=== Begin Enclosure ===

From HB Require Import structures.
From mathcomp Require Import all_boot all_order all_algebra.
From mathcomp Require Import mpoly.
From Stdlib Require Import Classical ClassicalEpsilon.
Import GRing.Theory.
Set Implicit Arguments. Unset Strict Implicit.
Local Open Scope ring_scope.

(* A unit interim multiplier forces lc(f_j) to divide the coefficient in R_q:
   with g = gcd(l, l_j) the multiplier is l_j / g, and (l_j / g) l = (l / g) l_j.
   So a properly reducible leading term can be cancelled exactly, any other
   leading term is moved to the remainder, and lambda = 1 always works.  The
   recursion is on the leading monomial, which is well founded for a monomial
   order by Dickson's lemma. *)

Lemma exists_min_after (w : nat -> nat) i :
  exists j, (i < j)%N /\ forall k, (i < k)%N -> (w j <= w k)%N.
Proof.
suff: forall n j, (w j <= n)%N -> (i < j)%N ->
    exists j, (i < j)%N /\ forall k, (i < k)%N -> (w j <= w k)%N.
  by apply; [exact: leqnn | exact: ltnSn].
elim=> [|n IH] j wj ij.
  by exists j; split=> // k _; move: wj; rewrite leqn0 => /eqP ->.
have [[k [ik wkj]]|no_lower] := classic (exists k, (i < k)%N /\ (w k < w j)%N).
  by apply: (IH k) => //; rewrite -ltnS (leq_trans wkj).
exists j; split=> // k ik; rewrite leqNgt; apply/negP => wkj.
by apply: no_lower; exists k.
Qed.

Lemma nondecreasing_subseq (w : nat -> nat) :
  exists2 phi : nat -> nat, {homo phi : n n' / (n < n')%N}
                          & forall n, (w (phi n) <= w (phi n.+1))%N.
Proof.
have [next nextP] := choice _ (exists_min_after w).
exists (fun n => iter n.+1 next 0%N) => [|n].
  by apply: homo_ltn => [y x z|n]; [exact: ltn_trans | exact: (nextP _).1].
rewrite [X in (_ <= w X)%N]iterS; apply: (nextP _).2.
by rewrite iterS; apply: ltn_trans (nextP _).1 (nextP _).1.
Qed.

Section Dickson.
Variable m : nat.

Lemma dickson_prefix (u : nat -> 'X_{1..m}) k :
  exists2 phi : nat -> nat, {homo phi : n n' / (n < n')%N}
    & forall i : 'I_m, (i < k)%N -> forall n, (u (phi n) i <= u (phi n.+1) i)%N.
Proof.
elim: k => [|k [phi phi_incr u_mono]]; first by exists id.
have [km|mk] := ltnP k m; last first.
  by exists phi => // i ik; apply: u_mono; apply: leq_trans (ltn_ord i) mk.
have [psi psi_incr w_mono] := nondecreasing_subseq (fun n => u (phi n) (Ordinal km)).
exists (phi \o psi) => [n n' /psi_incr/phi_incr //|i].
rewrite ltnS leq_eqVlt => /predU1P[ik|ik] n.
  have -> : i = Ordinal km by apply: val_inj.
  exact: w_mono.
have := homo_leq (f := fun n => u (phi n) i) leqnn leq_trans (u_mono i ik).
by apply; apply: ltnW; apply: psi_incr.
Qed.

Lemma dickson (u : nat -> 'X_{1..m}) : exists i j, (i < j)%N /\ (u i <= u j)%MM.
Proof.
have [phi phi_incr u_mono] := dickson_prefix u m.
exists (phi 0%N), (phi 1%N); split; first exact: phi_incr.
by apply/mnm_lepP => i; apply: u_mono.
Qed.

End Dickson.

Lemma not_Acc_descend (T : Type) (R : T -> T -> Prop) x :
  ~ Acc R x -> exists y, R y x /\ ~ Acc R y.
Proof.
move=> not_acc; apply: NNPP => no_desc; apply: not_acc; constructor => y yx.
by apply: NNPP => not_acc_y; apply: no_desc; exists y.
Qed.

Section InterimMultiplier.
Variables (K : fieldType) (q : {poly K}).

Lemma sigma_qK (c : Rq q) : sigma_q q (iota_q c) = c.
Proof. by apply: val_inj; apply: in_qpoly_small (size_mk_monic c). Qed.

Lemma unit_interim_multiplier_dvd (c lcj : Rq q) : c != 0 ->
  sigma_q q (plcm (iota_q c) (iota_q lcj) %/ iota_q c) \is a GRing.unit ->
  exists d, c = d * lcj.
Proof.
set l := iota_q c; set lj := iota_q lcj => c0.
have l0 : l != 0 by apply: contraNneq c0 => l0; apply/eqP/val_inj.
have lg0 : (lead_coef (gcdp l lj))^-1 != 0.
  by rewrite invr_eq0 lead_coef_eq0 gcdp_eq0 negb_and l0.
set g := mgcd l lj.
have gl : g %| l by rewrite /g /mgcd dvdpZl // dvdp_gcdl.
have glj : g %| lj by rewrite /g /mgcd dvdpZl // dvdp_gcdr.
rewrite /plcm -divp_mulA // mulKp // => mu_unit.
exists ((sigma_q q (lj %/ g))^-1 * sigma_q q (l %/ g)).
have cross : sigma_q q (l %/ g) * lcj = sigma_q q (lj %/ g) * c.
  rewrite -(sigma_qK lcj) -(sigma_qK c) -/l -/lj /sigma_q -!in_qpolyM.
  by rewrite -{1}(divpK glj) -{2}(divpK gl) !mulrA [_ * (lj %/ g)]mulrC.
by rewrite -mulrA cross mulKr.
Qed.

End InterimMultiplier.

Section MonomialOrder.
Variables (m : nat) (le : rel 'X_{1..m}).
Hypothesis le_mo : monomial_order le.

Lemma mo_refl a : le a a. Proof. by case: le_mo => [[]]. Qed.

Lemma mo_anti a b : le a b -> le b a -> a = b.
Proof. by case: le_mo => [[_ anti _ _] _ _] ab ba; apply: anti; rewrite ab ba. Qed.

Lemma mo_trans b a c : le a b -> le b c -> le a c.
Proof. by case: le_mo => [[_ _ trans _] _ _]; apply: trans. Qed.

Lemma mo_total a b : le a b || le b a.
Proof. by case: le_mo => [[_ _ _ total] _ _]; apply: total. Qed.

Lemma mo_add a a' b b' : le a a' -> le b b' -> le (a + b)%MM (a' + b')%MM.
Proof.
case: le_mo => [_ addr _] aa' bb'; apply: mo_trans (addr _ _ b aa') _.
by rewrite ![(a' + _)%MM]addmC; apply: addr.
Qed.

Lemma mo_le_of_lem a b : (a <= b)%MM -> le a b.
Proof.
case: le_mo => [_ addr ge0] ab; rewrite -(submK ab).
by have := addr _ _ a (ge0 (b - a)%MM); rewrite add0m.
Qed.

Definition mo_lt a b := ~~ le b a.

Lemma mo_lt_trans b a c : mo_lt a b -> mo_lt b c -> mo_lt a c.
Proof.
rewrite /mo_lt => ba cb; apply: contra cb => ca.
have ab : le a b by have := mo_total a b; rewrite (negPf ba) orbF.
exact: mo_trans ca ab.
Qed.

Lemma mo_lt_wf : well_founded mo_lt.
Proof.
move=> a; apply: NNPP => not_acc_a.
have [next nextP] : exists next, forall x,
    ~ Acc mo_lt x -> mo_lt (next x) x /\ ~ Acc mo_lt (next x).
  apply: (choice (fun x y => ~ Acc mo_lt x -> mo_lt y x /\ ~ Acc mo_lt y)) => x.
  have [acc_x|not_acc_x] := classic (Acc mo_lt x); first by exists x.
  by have [y] := not_Acc_descend not_acc_x; exists y.
pose u n := iter n next a.
have u_not_acc n : ~ Acc mo_lt (u n) by elim: n => // n /nextP[].
have u_desc : {homo u : i j / (i < j)%N >-> mo_lt j i}.
  apply: (homo_ltn (r := fun i j => mo_lt j i)) => [y x z xy yz|n].
    exact: mo_lt_trans yz xy.
  exact: (nextP _ (u_not_acc n)).1.
have [i [j [ij /mo_le_of_lem uij]]] := dickson u.
by move: (u_desc _ _ ij); rewrite /mo_lt uij.
Qed.

Definition ole (x y : option 'X_{1..m}) :=
  match x, y with
  | None, _ => true
  | Some _, None => false
  | Some a, Some b => le a b
  end.

Definition olt x y := ~~ ole y x.

Lemma ole_refl x : ole x x.
Proof. by case: x => //= a; apply: mo_refl. Qed.

Lemma ole_trans y x z : ole x y -> ole y z -> ole x z.
Proof.
by case: x => [a|] //; case: y => [b|] //; case: z => [c|] //=; apply: mo_trans.
Qed.

Lemma ole_anti x y : ole x y -> ole y x -> x = y.
Proof. by case: x => [a|]; case: y => [b|] //= ab ba; rewrite (mo_anti ab ba). Qed.

Lemma olt_ole x y : olt x y -> ole x y.
Proof.
rewrite /olt; case: x => [a|]; case: y => [b|] //= ba.
by have := mo_total a b; rewrite (negPf ba) orbF.
Qed.

Lemma ole_lt_trans y x z : ole x y -> olt y z -> olt x z.
Proof. by move=> xy; apply: contra => zx; apply: ole_trans zx xy. Qed.

Lemma olt_wf : well_founded olt.
Proof.
have acc_None : Acc olt None by constructor => -[].
case=> [a|//]; elim/(well_founded_ind mo_lt_wf): a => a IH.
by constructor => -[b|//] ba; apply: IH.
Qed.

Lemma omax_geL x y : ole x (omax le x y).
Proof.
case: x => [a|] //; case: y => [b|] /=; last exact: mo_refl.
by case: ifP => //; rewrite mo_refl.
Qed.

Lemma omax_geR x y : ole y (omax le x y).
Proof.
case: x => [a|] /=; first case: y => [b|] //=; last exact: ole_refl.
by case: ifP => [_|]; [apply: mo_refl | have := mo_total a b; case: (le a b)].
Qed.

Lemma omax_le x y z : ole x z -> ole y z -> ole (omax le x y) z.
Proof. by case: x => [a|]; case: y => [b|] //=; case: ifP. Qed.

Lemma omax_cases x y : omax le x y = x \/ omax le x y = y.
Proof. by case: x => [a|]; case: y => [b|] /=; try case: ifP; auto. Qed.

Lemma ole_omul x x' y y' : ole x x' -> ole y y' -> ole (omul x y) (omul x' y').
Proof.
by case: x => [a|]; case: x' => [a'|]; case: y => [b|]; case: y' => [b'|] //=; apply: mo_add.
Qed.

Lemma fold_omax_ge (l : seq (option 'X_{1..m})) x :
  x \in l -> ole x (foldr (omax le) None l).
Proof.
elim: l => // y l IH; rewrite in_cons => /predU1P[->|/IH xl]; first exact: omax_geL.
exact: ole_trans xl (omax_geR _ _).
Qed.

Lemma fold_omax_le (l : seq (option 'X_{1..m})) z :
  {in l, forall x, ole x z} -> ole (foldr (omax le) None l) z.
Proof.
elim: l => // y l IH lz; apply: omax_le; first by apply: lz; rewrite mem_head.
by apply: IH => x xl; apply: lz; rewrite in_cons xl orbT.
Qed.

Section LeadingMonomial.
Variable R : nzRingType.
Implicit Types f g : {mpoly R[m]}.

Lemma lm_seqP (l : seq 'X_{1..m}) :
  if foldr (fun x acc => omax le (Some x) acc) None l is Some a
  then a \in l /\ {in l, forall b, le b a} else l = [::].
Proof.
elim: l => [|x l] //=; case: foldr => [a [al la]|->] /=; last first.
  by split=> [|b]; rewrite ?mem_seq1 // => /eqP ->; apply: mo_refl.
case: ifP => [xa|ax].
  by split=> [|b]; rewrite in_cons ?al ?orbT // => /predU1P[->|/la].
have xa : le a x by have := mo_total x a; rewrite ax.
split=> [|b]; rewrite ?mem_head // in_cons => /predU1P[->|/la ba]; first exact: mo_refl.
exact: mo_trans ba xa.
Qed.

Lemma lmP f :
  if lm le f is Some a then a \in msupp f /\ {in msupp f, forall b, le b a} else f = 0.
Proof. by rewrite /lm; have := lm_seqP (msupp f); case: foldr => // /msuppnil0. Qed.

Lemma lm0 : lm le (0 : {mpoly R[m]}) = None.
Proof. by rewrite /lm msupp0. Qed.

Lemma lm_eq0 f : lm le f = None -> f = 0.
Proof. by move=> f0; have := lmP f; rewrite f0. Qed.

Lemma lm_ge f b : b \in msupp f -> ole (Some b) (lm le f).
Proof.
move=> bf; have := lmP f; case: lm => [a [_ /(_ b bf)] //|f0].
by move: bf; rewrite f0 msupp0.
Qed.

Lemma lm_le_cat f g1 g2 : {subset msupp f <= msupp g1 ++ msupp g2} ->
  ole (lm le f) (omax le (lm le g1) (lm le g2)).
Proof.
move=> fg; have := lmP f; case: lm => [a [/fg] |] //.
rewrite mem_cat => /orP[/lm_ge ag1|/lm_ge ag2] _.
  exact: ole_trans ag1 (omax_geL _ _).
exact: ole_trans ag2 (omax_geR _ _).
Qed.

Lemma lmD_le f g : ole (lm le (f + g)) (omax le (lm le f) (lm le g)).
Proof. exact/lm_le_cat/msuppD_le. Qed.

Lemma lmB_le f g : ole (lm le (f - g)) (omax le (lm le f) (lm le g)).
Proof. exact/lm_le_cat/msuppB_le. Qed.

Lemma lmM_le f g : ole (lm le (f * g)) (omul (lm le f) (lm le g)).
Proof.
have := lmP (f * g); case: lm => [a [/msuppM_le/allpairsP[[b c] /= [bf cg ->]] _]|] //.
by apply: (ole_omul (x := Some b) (y := Some c)); apply: lm_ge.
Qed.

Lemma lm_sum_le (I : Type) (l : seq I) (P : pred I) (G : I -> {mpoly R[m]}) z :
  (forall i, P i -> ole (lm le (G i)) z) -> ole (lm le (\sum_(i <- l | P i) G i)) z.
Proof.
move=> Gz; apply: (big_ind (fun p => ole (lm le p) z)) => // [|p p' pz p'z].
  by rewrite lm0.
exact: ole_trans (lmD_le p p') (omax_le pz p'z).
Qed.

Lemma lm_scale_monomial_le (c : R) a : ole (lm le (c *: 'X_[a])) (Some a).
Proof.
have := lmP (c *: 'X_[a]); case: lm => [b [/msuppZ_le] |] //.
by rewrite msuppX mem_seq1 => /eqP -> _; apply: mo_refl.
Qed.

Lemma coef_eq0_of_lm_lt f a : olt (lm le f) (Some a) -> f@_a = 0.
Proof. by apply: contraTeq; rewrite -mcoeff_msupp => /lm_ge; rewrite /olt => ->. Qed.

Lemma lm_lt_of_coef_eq0 f a :
  ole (lm le f) (Some a) -> f@_a = 0 -> olt (lm le f) (Some a).
Proof.
have := lmP f; case: lm => [b [bf _] /= ba fa0|] //; rewrite /olt /=.
by apply: contraTN bf => ab; rewrite (mo_anti ba ab) mcoeff_msupp fa0 eqxx.
Qed.

Lemma lm_sub_lt f g a : lm le f = Some a -> ole (lm le g) (Some a) -> g@_a = f@_a ->
  olt (lm le (f - g)) (Some a).
Proof.
move=> fa ga gfa; apply: lm_lt_of_coef_eq0; last by rewrite mcoeffB gfa subrr.
by apply: ole_trans (lmB_le f g) _; apply: omax_le; rewrite ?fa ?ole_refl.
Qed.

=== End Enclosure ===

= Activity =
Write out again, exactly, the lines from the one holding "(forall i, P" through the end of the listing, with both ends included.

= Exercise answer =
  (forall i, P i -> ole (lm le (G i)) z) -> ole (lm le (\sum_(i <- l | P i) G i)) z.
Proof.
move=> Gz; apply: (big_ind (fun p => ole (lm le p) z)) => // [|p p' pz p'z].
  by rewrite lm0.
exact: ole_trans (lmD_le p p') (omax_le pz p'z).
Qed.

Lemma lm_scale_monomial_le (c : R) a : ole (lm le (c *: 'X_[a])) (Some a).
Proof.
have := lmP (c *: 'X_[a]); case: lm => [b [/msuppZ_le] |] //.
by rewrite msuppX mem_seq1 => /eqP -> _; apply: mo_refl.
Qed.

Lemma coef_eq0_of_lm_lt f a : olt (lm le f) (Some a) -> f@_a = 0.
Proof. by apply: contraTeq; rewrite -mcoeff_msupp => /lm_ge; rewrite /olt => ->. Qed.

Lemma lm_lt_of_coef_eq0 f a :
  ole (lm le f) (Some a) -> f@_a = 0 -> olt (lm le f) (Some a).
Proof.
have := lmP f; case: lm => [b [bf _] /= ba fa0|] //; rewrite /olt /=.
by apply: contraTN bf => ab; rewrite (mo_anti ba ab) mcoeff_msupp fa0 eqxx.
Qed.

Lemma lm_sub_lt f g a : lm le f = Some a -> ole (lm le g) (Some a) -> g@_a = f@_a ->
  olt (lm le (f - g)) (Some a).
Proof.
move=> fa ga gfa; apply: lm_lt_of_coef_eq0; last by rewrite mcoeffB gfa subrr.
by apply: ole_trans (lmB_le f g) _; apply: omax_le; rewrite ?fa ?ole_refl.
Qed.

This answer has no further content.